2.1.0
User Documentation for Apache MADlib

Given a time series of data X, the Autoregressive Integrated Moving Average (ARIMA) model is a tool for understanding and, perhaps, predicting future values in the series. The model consists of three parts, an autoregressive (AR) part, a moving average (MA) part, and an integrated (I) part where an initial differencing step can be applied to remove any non-stationarity in the signal. The model is generally referred to as an ARIMA(p, d, q) model where parameters p, d, and q are non-negative integers that refer to the order of the autoregressive, integrated, and moving average parts of the model respectively.

Training Function

The ARIMA training function has the following syntax.

arima_train( input_table,
       output_table,
       timestamp_column,
       timeseries_column,
       grouping_columns,
       include_mean,
       non_seasonal_orders,
       optimizer_params
     )

Arguments

input_table

TEXT. The name of the table containing time series data.

output_table

TEXT. The name of the table to store the ARIMA model. Three tables are created, with names based on the value of the output_table argument in the training function:

  1. output_table: Table containing the ARIMA model. Contains the following columns:
    mean Model mean (only if 'include_mean' is TRUE)
    mean_std_error Standard errors for mean
    ar_params Auto-regressions parameters of the ARIMA model
    ar_std_errors Standard errors for AR parameters
    ma_params Moving average parameters of the ARIMA model
    ma_std_errors Standard errors for MA parameters
  2. output_table_summary: Table containing descriptive statistics of the ARIMA model. Contains the following columns:
    input_table Table name with the source data
    timestamp_col Column name in the source table that contains the timestamp index to data
    timeseries_col Column name in the source table that contains the data values
    non_seasonal_orders Orders of the non-seasonal ARIMA model
    include_mean TRUE if intercept was included in ARIMA model
    residual_variance Variance of the residuals
    log_likelihood Log likelihood value (when using MLE)
    iter_num The number of iterations executed
    exec_time Total time taken to train the model
  3. output_table_residual: Table containing the residuals for each data point in 'input_table'. Contains the following columns:
    timestamp_col Same as the 'timestamp_col' parameter (all indices from source table included except the first d elements, where d is the differencing order value from 'non_seasonal_orders')
    residual Residual value for each data point

timestamp_column

TEXT. The name of the column containing the timestamp (index) data. This could be a serial index (INTEGER) or date/time value (TIMESTAMP).

timeseries_column

TEXT. The name of the column containing the time series data. This data is currently restricted to DOUBLE PRECISION.

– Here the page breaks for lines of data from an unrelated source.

Lemma spread_le :
  y ka - y kb <= (2 * E + Q * (s / (m%:R * q))) / (q * (n - 1)%:R).
Proof.
set a := y ka; set b := y kb.
set S1 := \sum_(l : 'I_N | (m <= l)%N) (a - mean l).
set S2 := \sum_(l : 'I_N | (m <= l)%N) (b - mean l).
have top : excess ka * a + q * S1 <= E.
  have := E_bound ka ka_m; rewrite -(excess_balance ka_m) => /(le_trans (ler_norm _)).
  apply: le_trans; rewrite lerD2l /S1 mulr_sumr; apply: ler_sum => l ml.
  have [qV _] := V_AB_bounds ka_m ml; have /andP[_ ma] := mean_between ml.
  by apply: ler_wpM2r; rewrite ?subr_ge0.
have bottom : - E <= excess kb * b + q * S2.
  have := E_bound kb kb_m; rewrite -(excess_balance kb_m) ler_norml => /andP[lo _].
  apply: le_trans lo _; rewrite lerD2l /S2 mulr_sumr; apply: ler_sum => l ml.
  have [qV _] := V_AB_bounds kb_m ml; have /andP[bm _] := mean_between ml.
  by apply: ler_wnM2r; rewrite ?subr_le0.
have S12 : q * S1 - q * S2 = (a - b) * (q * (n - 1)%:R).
  rewrite -mulrBr /S1 /S2 -sumrB -[RHS]mulrCA -sum_B_const; congr (_ * _).
  by apply: eq_bigr => l _; lra.
have [_ eaQ] := excess_bounds ka_m; have [_ ebQ] := excess_bounds kb_m.
have gap : excess kb * b - excess ka * a <= Q * (s / (m%:R * q)).
  apply: le_trans (scaled_extremes_gap (Q := Q) _ _ level_between) _.
  - by rewrite excess_ge0 // eaQ.
  - by rewrite excess_ge0 // ebQ.
  - exact: ler_wpM2l Q_ge0 _ _ level_norm.
rewrite ler_pdivlMr; first lra.
by rewrite mulr_gt0 // ltr0n; lia.
Qed.

End Extremes.

Lemma maximum_principle (i : 'I_N) :
  `|x i| <= (2 * E + Q * (s / (m%:R * q))) / (q * (n - 1)%:R) + s / (m%:R * q) + rho.
Proof.
have N_gt0 : (0 < N)%N by lia.
have A_i0 : Ordinal N_gt0 \in [pred k : 'I_N | (k < m)%N] by exact: m_gt0.
case: (arg_maxP y A_i0) => ka ka_m ka_max; case: (arg_minP y A_i0) => kb kb_m kb_min.
have y_ext (k : 'I_N) : (k < m)%N -> y kb <= y k <= y ka.
  by move=> km; apply/andP; split; [exact: kb_min | exact: ka_max].
have spread_bound (u : R) : y kb <= u <= y ka ->
    `|u| <= (2 * E + Q * (s / (m%:R * q))) / (q * (n - 1)%:R) + s / (m%:R * q).
  move=> /norm_le_spread_add /(_ (level_between y_ext)) /le_trans; apply.
  exact: lerD (spread_le ka_m kb_m y_ext) level_norm.
have -> : `|x i| = `|y i| by rewrite /y normrM /sgn; case: ifP; rewrite ?normrN normr1 mul1r.
case: (ltnP i m) => [im | mi].
  by apply: le_trans (spread_bound _ (y_ext i im)) _; rewrite lerDl.
have g_rho : `|g i / V i i| <= rho.
  by rewrite normrM normfV (gtr0_norm (V_B_diag_gt0 mi)) ler_pdivrMr ?V_B_diag_gt0 ?rho_bound.
rewrite (y_B mi); apply: le_trans (ler_normB _ _) _.
exact: lerD (spread_bound _ (mean_between y_ext mi)) g_rho.
Qed.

grouping_columns (not currently implemented)

TEXT, default: NULL.

A comma-separated list of column names used to group the input dataset into discrete groups, training one ARIMA model per group. It is similar to the SQL GROUP BY clause. When this value is null, no grouping is used and a single result model is generated.

Note
Grouping is not currently implemented for ARIMA, but will be added in the future. Any non-NULL value for this parameter is ignored.
include_mean (optional)

BOOLEAN, default: FALSE. Mean value of the data series is added in the ARIMA model if this variable is True.

non_seasonal_orders (optional)

INTEGER[], default: 'ARRAY[1,1,1]'. Orders of the ARIMA model. The orders are [p, d, q], where parameters p, d, and q are non-negative integers that refer to the order of the autoregressive, integrated, and moving average parts of the model respectively.

optimizer_params (optional)
TEXT. Comma-separated list of optimizer-specific parameters of the form ‘name=value'. The order of the parameters does not matter. The following parameters are recognized:
  • max_iter: Maximum number of iterations to run learning algorithm (Default = 100)
  • tau: Computes the initial step size for gradient algorithm (Default = 0.001)
  • e1: Algorithm-specific threshold for convergence (Default = 1e-15)
  • e2: Algorithm-specific threshold for convergence (Default = 1e-15)
  • e3: Algorithm-specific threshold for convergence (Default = 1e-15)
  • hessian_delta: Delta parameter to compute a numerical approximation of the Hessian matrix (Default = 1e-6)

Forecasting Function

The ARIMA forecast function has the following syntax.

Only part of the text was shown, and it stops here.